AI & Law: Open Court Records And AI

Image for post
Image for post
More open access to court records is needed, including for boosting AI in the law

by Dr. Lance B. Eliot

For a free podcast of this article, visit this link https://ai-law.libsyn.com/website or find our AI & Law podcast series on Spotify, iTunes, iHeartRadio, plus on other audio services. For the latest trends about AI & Law, visit our website www.ai-law.legal

Key briefing points about this article:

  • There are strident calls for greater open access to court records
  • Doing so will provide vital data needed for holistic policy analyses of justice
  • Another important use would aid in bolstering the advent of AI in the law
  • AI that utilizes Machine Learning requires extensive data to be suitably trained
  • Via plentiful access to court data the efforts to devise AI Legal Reasoning would be aided

Introduction

Court records in the United States are not as readily accessible as one might assume. In a sense, there is an abundant amount of friction that prevents a full semblance of openness to court records. Various potential opportunities to better understand our system of justice and proffer modifications or enhancements are presumably being stymied.
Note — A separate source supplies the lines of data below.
Lemma sparse_zeck_sum_exists n N : N < fib n.+2 ->
  exists f, [/\ sparse f, forall i, n <= i -> f i = false & zeck_sum f n = N].
Proof.
elim: n N => [|n IHn] N ltN.
  by exists (fun=> false); split=> //; rewrite /zeck_sum big_ord0; move: ltN => /=; lia.
have [ltNn|geNn] := ltnP N (fib n.+2).
  have [f [sf f0 <-]] := IHn N ltNn.
  exists f; split=> // [i lt_ni|]; first by apply: f0; apply: ltnW.
  by rewrite zeck_sumS f0 ?mul0n ?addn0.
have ltM : N - fib n.+2 < fib n.+1 by move: ltN; rewrite fibSS; lia.
have [f [sf f0 fM]] := IHn _ (leq_trans ltM (leq_fib (leqnSn _))).
have f_top i : i.+1 = n -> f i = false.
  move=> Ei; apply/negP => fi; have := zeck_sum_ge_digit fi (_ : i < n).
  by rewrite fM addn2 Ei; lia.
exists (fun i => (i == n) || f i); split.
- move=> i /=; have [->|_] := eqVneq i n; first by rewrite (f0 n.+1) // gtn_eqF.
  by have [/f_top->|_] := eqVneq i.+1 n; last exact: sf.
- by move=> i lt_ni; rewrite f0 ?gtn_eqF //; apply: ltnW.
- rewrite zeck_sumS eqxx mul1n -[RHS](subnK geNn) -fM; congr (_ + _).
  by apply: eq_bigr => i _; rewrite ltn_eqF.
Qed.

Fixpoint greedy_sZ n N :=
  if n is m.+1 then
    if N < fib m.+2 then greedy_sZ m N else (greedy_sZ m (N - fib m.+2)).+1
  else 0.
There has been an increasing widespread call for enabling greater open access to court records of the US justice system. Despite court records generally being considered within the public domain, it is a bridge to far to presume that those archives are sufficiently available. The rub according to those making such a clamor is that there are excessive financial and technical obstacles in the way of readily being able to get access to the vast corpus (see Science, July 10, 2020, on “How to build a more open justice system”).
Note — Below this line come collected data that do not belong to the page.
Lemma component_of C r : is_component sigma mate C -> r \in C ->
  C = [set r' in ribbons mate | connect (crossrel sigma mate) r r'].
Proof.
case=> r0 _ -> /[dup] rC; rewrite inE => /andP [_ r0r]; apply/setP => r'.
by rewrite !inE (same_connect (sym_connect_sym crossrel_sym) r0r).
Qed.

Lemma component_const C (aT : Type) (f : {set sector n} -> aT) :
  is_component sigma mate C ->
  {in C &, forall x y, cross sigma x y -> f x = f y} -> {in C &, forall x y, f x = f y}.
Proof.
case=> r0 _ -> f_cross.
suff f_r0 y : connect (crossrel sigma mate) r0 y -> f y = f r0.
  by move=> x y; rewrite !inE => /andP [_ /f_r0 ->] /andP [_ /f_r0 ->].
apply: connect_const => x z r0x /[dup] xz_rel /and3P [xR zR xz].
apply: f_cross xz; rewrite inE ?xR ?zR ?r0x //=.
exact: connect_trans r0x (connect1 xz_rel).
Qed.

Lemma distinct_components_uncrossed C1 C2 q p :
  is_component sigma mate C1 -> is_component sigma mate C2 -> C1 != C2 ->
  q \in C1 -> p \in C2 -> (q != p) && ~~ cross sigma q p.
Proof.
move=> HC1 HC2 C12 qC1 pC2; rewrite -negb_or; apply: contra C12 => q_p.
have [qR pR] := (component_ribbon HC1 qC1, component_ribbon HC2 pC2).
have pC1 : p \in C1.
  rewrite (component_of HC1 qC1) inE pR.
  case/orP: q_p => [/eqP <- | qp]; first exact: connect0.
  by apply: connect1; rewrite /crossrel qR pR.
by rewrite (component_of HC1 pC1) -(component_of HC2 pC2).
Qed.

Lemma component_extremes C : is_component sigma mate C ->
  exists p0 p1, [/\ p0 \in C, p1 \in C,
    {in C, forall p, L p0 <= L p} & {in C, forall p, R p <= R p1}].
Proof.
case=> r rR defC; have rC : r \in C by rewrite defC inE rR connect0.
have [p0 p0C p0_min] := @arg_minnP _ r (mem C) L rC.
have [p1 p1C p1_max] := @arg_maxnP _ r (mem C) R rC.
by exists p0, p1; split.
Qed.

Hypothesis shape : forall r, r \in ribbons mate ->
  [/\ L r + 2 <= R r,
      exists2 u, u \in rsectors sigma r & u = L r :> nat
    & forall u, u \in rsectors sigma r ->
        (L r <= u <= (L r).+1) || ((R r).-1 <= u <= R r)].
Hypothesis ends_inj :
  {in ribbons mate &, forall r r', r != r' -> (L r != L r') && (R r != R r')}.

Lemma rsectors_bounds r u : r \in ribbons mate -> u \in rsectors sigma r -> L r <= u <= R r.
Proof. by case/shape => [lt _ near] /near; lia. Qed.

Lemma distinct_components_separated C1 C2 q p :
  is_component sigma mate C1 -> is_component sigma mate C2 -> C1 != C2 ->
  q \in C1 -> p \in C2 -> separated q p.
Proof.
move=> HC1 HC2 C12 qC1 pC2.
have [qR pR] := (component_ribbon HC1 qC1, component_ribbon HC2 pC2).
have /andP [q_p no_cross] := distinct_components_uncrossed HC1 HC2 C12 qC1 pC2.
have [[q_lt _ _] [p_lt _ _]] := (shape qR, shape pR).
have /andP [neqL neqR] := ends_inj qR pR q_p.
by rewrite /separated neqL neqR no_cross !andbT; apply/andP; split; lia.
Qed.

Section Nesting.
Variables (C1 C2 : {set {set sector n}}) (q0 p0 p1 : {set sector n}).
Hypotheses (HC1 : is_component sigma mate C1) (HC2 : is_component sigma mate C2).
Hypothesis C12 : C1 != C2.
Hypotheses (q0C1 : q0 \in C1) (p0C2 : p0 \in C2) (p1C2 : p1 \in C2).
Hypothesis p0_min : {in C2, forall p, L p0 <= L p}.
Hypothesis p1_max : {in C2, forall p, R p <= R p1}.
Hypothesis q0_first : L q0 < L p0.

Let sep q p : q \in C1 -> p \in C2 -> separated q p :=
  distinct_components_separated HC1 HC2 C12.

Lemma trace2_span v : v \in trace sigma C2 -> L p0 <= v <= R p1.
Proof.
case/bigcupP => p pC2 /(rsectors_bounds (component_ribbon HC2 pC2)).
by have := p0_min pC2; have := p1_max pC2; lia.
Qed.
Those expressing these concerns point to the onerous fact that federal court records are typically charged at about ten cents per printed page to access a case online. Though ten cents seems like a minuscule amount, if you were to multiply that dime by the likely hundreds or thousands of possible pages in a protracted case, and then multiply that by hundreds of thousands of cases nationwide, the final tab to obtain any large-scale set of court records is undoubtedly in a sky-high costly range.

Yet another significant hurdle is that court records are oftentimes in varying formats and structured unalike, meaning that even if a sizable set is purchased, trying to rationalize and align the obtained data can be burdensome and exacerbate the cost of trying to sift through them.
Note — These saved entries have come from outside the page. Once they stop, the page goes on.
(* Let $T$ and $B$ be two flat-foldable developable degree-4 single-vertex creased papers sharing two panels, so that they share one inner crease $c$ (the crease joining the two vertices); this union is called a unit. Let $\alpha_1,\alpha_2\in(0,\pi)$ be the sector angles of $T$ adjacent to $c$ and $\alpha_3,\alpha_4\in(0,\pi)$ the sector angles of $B$ adjacent to $c$, with $\alpha_1,\alpha_2$ not both equal to $\pi/2$ and $\alpha_3,\alpha_4$ not both equal to $\pi/2$. Suppose the unit folds rigidly over a closed interval of the common folding angle $\rho$ of $c$ containing more than one point, each vertex moving along one of its two branches (described in the context). For each vertex, the two inner creases adjacent to $c$ lie on the two sides of $c$; call the creases of $T$ and $B$ lying on the same side of $c$ ''corresponding''. Then the folding angles of corresponding creases of $T$ and $B$ are equal up to sign throughout the interval (i.e. $\rho_2\equiv\pm\rho_5$ and $\rho_4\equiv\pm\rho_7$, where $\rho_2,\rho_4$ are the side folding angles of $T$ and $\rho_5,\rho_7$ the corresponding ones of $B$) if and only if one of the following holds: (i) both $T$ and $B$ move along branch 1, and $$\frac{\tan\frac{\alpha_1}{2}}{\tan\frac{\alpha_2}{2}}=\frac{\tan\frac{\alpha_3}{2}}{\tan\frac{\alpha_4}{2}}\quad\text{or}\quad \frac{\tan\frac{\alpha_1}{2}}{\tan\frac{\alpha_2}{2}}=\frac{\tan\frac{\alpha_4}{2}}{\tan\frac{\alpha_3}{2}};$$ (ii) both $T$ and $B$ move along branch 2, and $$\tan\tfrac{\alpha_1}{2}\tan\tfrac{\alpha_2}{2}=\tan\tfrac{\alpha_3}{2}\tan\tfrac{\alpha_4}{2}\quad\text{or}\quad \tan\tfrac{\alpha_1}{2}\tan\tfrac{\alpha_2}{2}\tan\tfrac{\alpha_3}{2}\tan\tfrac{\alpha_4}{2}=1.$$ In particular, the condition can never hold when one vertex moves along branch 1 and the other along branch 2.
   Context: A developable degree-4 single-vertex creased paper consists of four rigid planar panels around a vertex, with sector angles summing to $2\pi$, hinged along four inner creases; a rigid folding motion assigns to each crease a signed folding angle (0 = unfolded, sign = mountain/valley), the folding angle of a crease being intrinsic to that crease. It is flat-foldable if opposite sector angles sum to $\pi$. For a flat-foldable vertex with sector angles $\beta_1,\beta_2,\beta_3,\beta_4$ in cyclic order, $\beta_1+\beta_3=\pi$, $\beta_2+\beta_4=\pi$, $\beta_1,\beta_2\in(0,\pi)$ not both $\pi/2$, and creases $c_1$ (between $\beta_1,\beta_2$), $c_2$ (between $\beta_2,\beta_3$), $c_3$ (between $\beta_3,\beta_4$), $c_4$ (between $\beta_4,\beta_1$) with folding angles $\rho_1,\dots,\rho_4$, its rigid folding motions lie on two branches: Branch 1: $\tan\frac{\rho_2}{2}=\frac{\sin\frac{\beta_2-\beta_1}{2}}{\sin\frac{\beta_2+\beta_1}{2}}\tan\frac{\rho_1}{2}$, $\rho_3=\rho_1$, $\rho_4=-\rho_2$. Branch 2: $\tan\frac{\rho_2}{2}=-\frac{\cos\frac{\beta_2-\beta_1}{2}}{\cos\frac{\beta_2+\beta_1}{2}}\tan\frac{\rho_1}{2}$, $\rho_3=-\rho_1$, $\rho_4=\rho_2$. In the claim these are applied to each of $T$ and $B$ with $c_1$ taken to be the shared crease $c$ (so $(\beta_1,\beta_2)=(\alpha_1,\alpha_2)$ for $T$ and $(\alpha_3,\alpha_4)$ for $B$), the side creases being $c_2$ and $c_4$ of each vertex. *)

From Stdlib Require Import Reals Lra.
Open Scope R_scope.

(* Denominator-free form of  tan(x/2) = (N/D) * tan(y/2).
   For folding angles x, y in [-PI, PI] (half angles in [-PI/2, PI/2]) this
   is exactly the paper's relation whenever the tangents/quotient are finite,
   and it is the natural (projective) reading of it at flat-folded states
   (x or y = +-PI) and when D = 0. *)
Definition half_tan_rel (N D x y : R) : Prop :=
  D * sin (x / 2) * cos (y / 2) = N * sin (y / 2) * cos (x / 2).

Inductive branch : Type := Br1 | Br2.

(* Folding angles (r1,r2,r3,r4) of a flat-foldable degree-4 vertex with sector
   angles b1, b2, PI-b1, PI-b2 (crease c1 between b1 and b2, c2 between b2 and
   b3, c3 between b3 and b4, c4 between b4 and b1) lie on the given branch. *)
Definition on_branch (br : branch) (b1 b2 r1 r2 r3 r4 : R) : Prop :=
  match br with
  | Br1 => half_tan_rel (sin ((b2 - b1) / 2)) (sin ((b2 + b1) / 2)) r2 r1
           /\ r3 = r1 /\ r4 = - r2
  | Br2 => half_tan_rel (- cos ((b2 - b1) / 2)) (cos ((b2 + b1) / 2)) r2 r1
           /\ r3 = - r1 /\ r4 = r2
  end.

Definition cont_on (a b : R) (f : R -> R) : Prop :=
  forall x, a <= x <= b -> forall eps, 0 < eps ->
    exists delta, 0 < delta /\
      forall y, a <= y <= b -> Rabs (y - x) < delta -> Rabs (f y - f x) < eps.

Definition is_fold_angle (x : R) : Prop := - PI <= x <= PI.

(* A rigid folding motion of the unit over rho in [a,b]:
   T has sector angles a1, a2 adjacent to the shared crease c (folding angle
   rho), side creases with folding angles r2 (c2) and r4 (c4), opposite crease r3;
   B has sector angles a3, a4 adjacent to c, side creases r5 (its c2, same side
   of c as r2) and r7 (its c4, same side as r4), opposite crease r6. *)
Definition unit_motion (a1 a2 a3 a4 a b : R) (bT bB : branch)
  (r2 r3 r4 r5 r6 r7 : R -> R) : Prop :=
  (forall f : R -> R,
     (f = r2 \/ f = r3 \/ f = r4 \/ f = r5 \/ f = r6 \/ f = r7) ->
     cont_on a b f /\ forall x, a <= x <= b -> is_fold_angle (f x)) /\
  (forall x, a <= x <= b ->
     on_branch bT a1 a2 x (r2 x) (r3 x) (r4 x) /\
     on_branch bB a3 a4 x (r5 x) (r6 x) (r7 x)).

Definition eq_up_to_sign (a b : R) (f g : R -> R) : Prop :=
  (forall x, a <= x <= b -> f x = g x) \/ (forall x, a <= x <= b -> f x = - g x).

From Stdlib Require Import Reals Lra.
Open Scope R_scope.

(* Writing t_i = tan (a_i / 2), each vertex ties its side angle r to rho by
   tan (r/2) = (N/D) tan (rho/2), with (N, D) = (t2 - t1, t2 + t1) on branch 1
   and (-(1 + t1 t2), 1 - t1 t2) on branch 2.  If r2 = +-r5 at a single generic
   rho, the pairs (N_T, D_T) and (N_B, D_B) are parallel, N_T D_B = +-N_B D_T.
   Conversely such a relation forces r2 = +-r5 at every rho in (-PI, PI), and
   continuity carries it to the flat-folded states rho = +-PI; when D = 0 both
   side creases are stuck at +-PI away from rho = 0, and continuity rules out a
   jump through rho = 0.  Cross-multiplied, the parallelism conditions are the
   ones of the theorem, and mixed branches never satisfy them because
   |t2 - t1| < t2 + t1 and |1 - t3 t4| < 1 + t3 t4. *)

Section ClosedIntervalContinuity.

Variables a b : R.

(* Composing with [clamp] turns continuity relative to [a, b] into continuity
   on R, so that Stdlib's intermediate value theorem applies. *)
Definition clamp (x : R) : R := Rmax a (Rmin b x).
Critics of this status quo are apt to vehemently argue that the barriers of access to court records woefully undercuts the availability of vital data needed for holistic policy analyses of justice in America. If the bleak situation were rectified, doing so would inevitably improve the practice of law and further enhance the overall administration of justice.

Attorneys using any of the numerous commercial legal services entities that have already procured and downloaded various court records might contend that there is no need to seek out the records directly from the federal government since instead, you can get those records from those paid services. Though this path might to some degree ameliorate the formatting issues, it typically does not resolve the cost-related barriers.

There are encouraging signs of open source alternatives that tend to use crowdsourcing as a means of establishing databases of court records that are then made essentially free to access, supported at times by generous donors or sometimes via ad-based sponsors, but those datasets are not necessarily considered at a large enough scale, plus their sustainability is not relatively assured as those entities continually grapple to keep their aspirational projects afloat.

The oft-cited solution to the entire matter involves getting Congress to repeal the laws that authorize the judiciary to charge fees for access to court records.

Be forewarned, a tide of controversy muddies this straightforward proposal and centers on the root of most issues, the money involved. It turns out that those paid-for court record access fees are relatively substantial when totaled up. Estimates suggest on the order of $145 million in the fiscal year 2019 alone was derived from fees as part of the federal judiciary budget, and so the question immediately arises as to what funding would be newly surfaced to then plug the gap after making those court records available for free going forward.

Usefulness of Court Records

Shifting for the moment beyond the matter of how to assure that court records are more openly accessible, you might be wondering what would be done with those court records if they were indeed freely available.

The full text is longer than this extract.